Pl.'s Resp. 12, ECF No. 14 (stating “Defendant Wallace was reprimanded”).
Therefore, because Plaintiff fails to plead factual content alleging an adverse action, the Court GRANTS Defendants' Motion to Dismiss with respect to Plaintiff's retaliation claim. IV. LEAVE TO AMMEND
Plaintiff requests the opportunity to amend his pleadings if his pleadings are deficient for any reason. If a plaintiff's pleadings are deficient under Rule 12(b)(6), a district court should “freely give leave [to amend] when justice so requires.” FED. R. CIV. P. 15(a)(2).

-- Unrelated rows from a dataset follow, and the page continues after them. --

(** Write [g = sqrt lam] and [h = 1/n].  On each cell an eigenfunction is a
    combination of the fundamental solutions [Cfun lam], [Sfun lam] of
    [y'' = - lam y] (uniqueness by an energy estimate).  Continuity and the jump
    condition at [x_k] give the three-term recurrence
      [u(x_(k+1)) + u(x_(k-1)) = 2 T u(x_k)],  [T = Cfun lam h + sigma Sfun lam h / 2],
    so with [u(x_0) = 0] the node values are [u(x_1) U_(k-1)(T)] (Chebyshev
    polynomials of the second kind).  Since [u(x_1) <> 0] and [u(x_n) = 0],
    [U_(n-1)(T) = 0]: every eigenvalue is positive and either [g >= n pi] or
    [disp g = cos (i pi / n)] for some [1 <= i <= n - 1], where [disp] is the
    dispersion function, strictly decreasing on [(0, n pi]].  Conversely each such
    relation has a root, realised by an explicitly glued eigenfunction.  Counting
    eigenvalues then shows that [lambda_m] ([m <= n - 1]) satisfies
    [disp g = cos (m pi / n)], and the theorem follows from
    [U_(k-1)(cos t) sin t = sin (k t)] and the normalisation [u(x_1) = sin (g / n)]. *)

From Stdlib Require Import Reals Lra Lia ZArith List ClassicalEpsilon.
From Coquelicot Require Import Coquelicot.
Open Scope R_scope.

(** Fundamental solutions of [y'' = - lam y]: [Cfun lam] and [Sfun lam] are the
    solutions with initial data (1, 0) and (0, 1) at 0, for every sign of [lam]. *)
Definition Cfun (lam x : R) : R :=
  if Rlt_dec 0 lam then cos (sqrt lam * x)
  else if Rlt_dec lam 0 then (exp (sqrt (-lam) * x) + exp (- (sqrt (-lam) * x))) / 2
  else 1.
Lemma sdmap_inj : {in setX (AutT A) (W1 A) &, injective (sdmap A)}.
Proof.
move=> [f u] [g v]; rewrite !in_setX /sdmap /= => /andP [fA uW] /andP [gA vW] eq_fu_gv.
suff eq_fg : f = g by rewrite -eq_fg in eq_fu_gv *; congr pair; apply: mulgI eq_fu_gv.
move: uW vW; rewrite !inE => /forallP u_same /forallP v_same.
apply: AutT_eq => // a; apply: (@same_trans _ (u (iotaT A f a))); first by rewrite same_sym.
by rewrite -permM eq_fu_gv permM.
Qed.

Lemma sdmap_onto (w : {perm 'I_n}) : (0 < n)%N -> Stab A w ->
  exists2 u, u \in setX (AutT A) (W1 A) & sdmap A u = w.
Proof.
move=> n_gt0 /(same_mono_of_Stab n_gt0) w_same.
exists (node_perm w_same, ((iotaT A (node_perm w_same))^-1 * w)%g); last first.
  by rewrite /sdmap mulKVg.
rewrite in_setX node_perm_AutT inE; apply/forallP => a.
rewrite permM -{2}(permKV (iotaT A (node_perm w_same)) a) same_sym.
exact: same_iotaT_node_perm.
Qed.

End FissionTree.

Theorem proposition4p15 (C : numClosedFieldType) (n p : nat)
  (A : 'I_p -> 'I_n -> C) :
  (2 <= n)%N -> (1 <= p)%N ->
  (forall j : 'I_p, (\sum_(a < n) A j a = 0)%R) ->
  (* iotaT is an injective group morphism AutT(T,r) -> Stab(U) *)
  {in AutT A &, {morph iotaT A : f g / (f * g)%g}} /\
  {in AutT A &, injective (iotaT A)} /\
  {in AutT A, forall f, Stab A (iotaT A f)} /\
  (* its image meets W_{h_1} trivially and normalises it *)
  ((iotaT A @: AutT A) :&: W1 A \subset [1])%g /\
  {in AutT A, forall f, (W1 A :^ iotaT A f)%g = W1 A} /\
  (* the map AutT |x W_{h_1} -> Stab(U), (f,w) |-> iotaT(f) w, is an injective
     group morphism, and it is surjective *)
  {in setX (AutT A) (W1 A) &, {morph sdmap A : u v / sdmul A u v >-> (u * v)%g}} /\
  {in setX (AutT A) (W1 A) &, injective (sdmap A)} /\
  (forall w : {perm 'I_n}, Stab A w ->
     exists2 u, u \in setX (AutT A) (W1 A) & sdmap A u = w).
Proof.
move=> n_ge2 _ _; have n_gt0 : (0 < n)%N by apply: leq_trans n_ge2.
split; first exact: iotaTM.
split.
  move=> f g fA gA eq_fg; apply: AutT_eq => // a.
  by rewrite eq_fg same_refl.
split; first exact: iotaT_Stab.
split; first exact: iotaT_W1_trivial.
split; first by move=> f fA; apply/W1_conj/same_iotaT.
split; first exact: sdmapM.
split; first exact: sdmap_inj.
by move=> w; apply: sdmap_onto.
Qed.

Rule 15(a) even “evinces a bias in favor of granting leave to amend.” Herrmann Holdings Ltd. v. Lucent Techs. Inc., 302 F.3d 552, 566 (5th Cir. 2002). But “leave to amend under Rule 15 is by no means automatic.” Goldstein v. MCI WorldCom, 340 F.3d 238, 254 (5th Cir. 2003). One of the permissible reasons for denying a request for leave to amend is if the amendment would be futile. Id.
Pl.'s Resp. 12-13, ECF No. 14.
Here, any amendments would be futile because Plaintiff has not shown that there are new facts that have come to light. Nor does Plaintiff propose how he would amend his Complaint. Plaintiff was “aware of [Defendants'] objections to [his] complaint as written (because the objections appeared in [Defendants'] principal motion),” but he does “not demonstrate to the [C]ourt how [he] would replead [his claims] more specifically if given the opportunity.” Goldstein, 340 F.3d at 254-55. Accordingly, the Court denies Plaintiff's general request for leave to amend.
V. CONCLUSION
For the foregoing reasons, the Court GRANTS Defendants' Motion to Dismiss Plaintiff's Complaint and DISMISSES with prejudice Plaintiff's sexual harassment, constructive discharge, and retaliation claims. Plaintiff's request for leave to amend is denied.
SO ORDERED on this 21st day of October, 2024.